*Assigned task:*
Your answer should be a single number: the count of lines in the entries below that contain "move".

=== Begin Enclosure ===

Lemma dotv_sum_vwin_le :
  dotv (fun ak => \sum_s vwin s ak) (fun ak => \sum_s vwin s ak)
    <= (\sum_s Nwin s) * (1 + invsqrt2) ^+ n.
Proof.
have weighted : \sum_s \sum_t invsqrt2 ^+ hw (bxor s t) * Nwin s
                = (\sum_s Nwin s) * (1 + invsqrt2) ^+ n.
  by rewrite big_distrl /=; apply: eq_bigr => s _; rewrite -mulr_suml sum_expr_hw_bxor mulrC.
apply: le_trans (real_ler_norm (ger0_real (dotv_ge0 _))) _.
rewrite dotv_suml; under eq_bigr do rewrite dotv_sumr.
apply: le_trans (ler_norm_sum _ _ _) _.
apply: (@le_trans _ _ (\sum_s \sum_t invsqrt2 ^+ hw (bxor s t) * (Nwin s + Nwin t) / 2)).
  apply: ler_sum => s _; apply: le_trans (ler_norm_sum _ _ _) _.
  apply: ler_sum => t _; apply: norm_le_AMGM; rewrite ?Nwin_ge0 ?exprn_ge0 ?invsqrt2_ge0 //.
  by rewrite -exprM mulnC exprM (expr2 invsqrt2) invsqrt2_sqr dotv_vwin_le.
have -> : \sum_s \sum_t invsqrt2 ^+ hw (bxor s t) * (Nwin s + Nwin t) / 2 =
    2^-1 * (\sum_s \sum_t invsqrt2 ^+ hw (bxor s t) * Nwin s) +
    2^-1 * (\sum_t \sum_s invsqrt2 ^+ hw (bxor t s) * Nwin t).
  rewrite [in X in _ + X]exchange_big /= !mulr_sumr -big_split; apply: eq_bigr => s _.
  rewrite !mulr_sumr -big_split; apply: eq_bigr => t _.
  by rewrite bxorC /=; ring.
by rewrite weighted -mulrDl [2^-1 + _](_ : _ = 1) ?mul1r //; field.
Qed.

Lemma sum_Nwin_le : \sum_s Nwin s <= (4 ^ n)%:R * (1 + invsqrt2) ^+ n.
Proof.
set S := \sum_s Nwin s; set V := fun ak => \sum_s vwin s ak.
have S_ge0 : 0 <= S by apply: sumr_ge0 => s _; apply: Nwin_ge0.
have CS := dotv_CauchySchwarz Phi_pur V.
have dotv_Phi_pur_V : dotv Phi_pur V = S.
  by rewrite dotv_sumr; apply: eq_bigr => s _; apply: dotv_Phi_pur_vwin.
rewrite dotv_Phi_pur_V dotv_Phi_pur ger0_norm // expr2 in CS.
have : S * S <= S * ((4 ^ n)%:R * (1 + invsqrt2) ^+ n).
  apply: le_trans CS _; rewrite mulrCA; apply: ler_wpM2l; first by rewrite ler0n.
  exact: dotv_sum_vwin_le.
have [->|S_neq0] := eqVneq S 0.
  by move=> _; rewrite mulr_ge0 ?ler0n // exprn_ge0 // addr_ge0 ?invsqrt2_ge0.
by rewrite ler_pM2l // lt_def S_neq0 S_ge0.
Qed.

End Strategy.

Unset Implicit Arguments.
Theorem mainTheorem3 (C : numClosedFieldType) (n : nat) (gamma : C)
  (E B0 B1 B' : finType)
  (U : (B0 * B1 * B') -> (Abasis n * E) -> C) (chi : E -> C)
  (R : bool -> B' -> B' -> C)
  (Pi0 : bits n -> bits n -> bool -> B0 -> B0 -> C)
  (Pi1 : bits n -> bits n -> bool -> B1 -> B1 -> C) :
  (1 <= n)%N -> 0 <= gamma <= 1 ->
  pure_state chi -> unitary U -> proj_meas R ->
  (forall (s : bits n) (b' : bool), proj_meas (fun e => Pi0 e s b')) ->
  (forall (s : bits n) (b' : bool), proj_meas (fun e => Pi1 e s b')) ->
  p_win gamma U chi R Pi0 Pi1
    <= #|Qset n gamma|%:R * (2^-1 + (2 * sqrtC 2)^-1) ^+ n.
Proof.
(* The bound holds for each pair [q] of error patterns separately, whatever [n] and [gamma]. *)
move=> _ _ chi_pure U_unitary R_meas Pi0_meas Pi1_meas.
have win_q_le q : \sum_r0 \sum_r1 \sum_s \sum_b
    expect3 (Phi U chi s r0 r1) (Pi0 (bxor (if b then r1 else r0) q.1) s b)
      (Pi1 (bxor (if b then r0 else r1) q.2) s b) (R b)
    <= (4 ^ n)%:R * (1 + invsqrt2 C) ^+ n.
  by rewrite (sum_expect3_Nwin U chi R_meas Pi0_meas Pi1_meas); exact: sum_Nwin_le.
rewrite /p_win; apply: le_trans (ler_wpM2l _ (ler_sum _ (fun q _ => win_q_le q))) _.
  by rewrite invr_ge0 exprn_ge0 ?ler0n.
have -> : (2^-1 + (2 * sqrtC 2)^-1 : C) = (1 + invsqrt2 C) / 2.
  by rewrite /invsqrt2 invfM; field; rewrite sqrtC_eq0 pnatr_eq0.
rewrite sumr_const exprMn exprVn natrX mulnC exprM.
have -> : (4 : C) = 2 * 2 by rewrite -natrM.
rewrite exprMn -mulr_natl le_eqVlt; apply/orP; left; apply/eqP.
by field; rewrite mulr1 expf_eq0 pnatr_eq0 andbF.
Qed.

=== End Enclosure ===
=== Begin Enclosure ===

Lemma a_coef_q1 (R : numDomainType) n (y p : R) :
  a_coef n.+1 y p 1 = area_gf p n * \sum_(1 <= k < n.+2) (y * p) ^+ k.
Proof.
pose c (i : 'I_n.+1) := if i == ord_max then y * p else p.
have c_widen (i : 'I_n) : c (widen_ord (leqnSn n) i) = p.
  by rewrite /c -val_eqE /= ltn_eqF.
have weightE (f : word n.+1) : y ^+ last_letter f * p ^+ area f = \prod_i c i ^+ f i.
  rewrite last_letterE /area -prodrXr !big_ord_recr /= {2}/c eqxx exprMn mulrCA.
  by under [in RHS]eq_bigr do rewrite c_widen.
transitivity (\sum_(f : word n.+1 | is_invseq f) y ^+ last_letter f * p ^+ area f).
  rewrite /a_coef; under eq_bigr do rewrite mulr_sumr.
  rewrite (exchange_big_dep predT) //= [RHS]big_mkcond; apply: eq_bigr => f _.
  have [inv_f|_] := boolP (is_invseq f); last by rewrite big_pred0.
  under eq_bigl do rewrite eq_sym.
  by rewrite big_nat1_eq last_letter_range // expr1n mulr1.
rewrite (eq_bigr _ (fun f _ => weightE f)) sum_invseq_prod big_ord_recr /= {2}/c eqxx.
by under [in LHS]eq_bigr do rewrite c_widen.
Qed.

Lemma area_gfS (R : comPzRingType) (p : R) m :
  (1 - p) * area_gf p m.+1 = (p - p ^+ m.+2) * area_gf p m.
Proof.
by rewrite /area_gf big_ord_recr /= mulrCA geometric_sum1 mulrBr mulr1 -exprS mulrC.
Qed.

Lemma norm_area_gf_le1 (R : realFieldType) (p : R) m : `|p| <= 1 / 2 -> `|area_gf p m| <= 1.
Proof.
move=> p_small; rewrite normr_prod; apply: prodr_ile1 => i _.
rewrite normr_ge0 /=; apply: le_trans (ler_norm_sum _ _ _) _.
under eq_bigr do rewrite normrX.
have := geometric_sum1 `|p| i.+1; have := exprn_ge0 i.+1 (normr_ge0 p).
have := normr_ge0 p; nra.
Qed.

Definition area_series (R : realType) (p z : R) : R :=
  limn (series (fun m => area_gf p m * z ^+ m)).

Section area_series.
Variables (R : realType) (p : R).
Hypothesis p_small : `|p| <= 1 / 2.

=== End Enclosure ===

*Answer for this exercise:*
3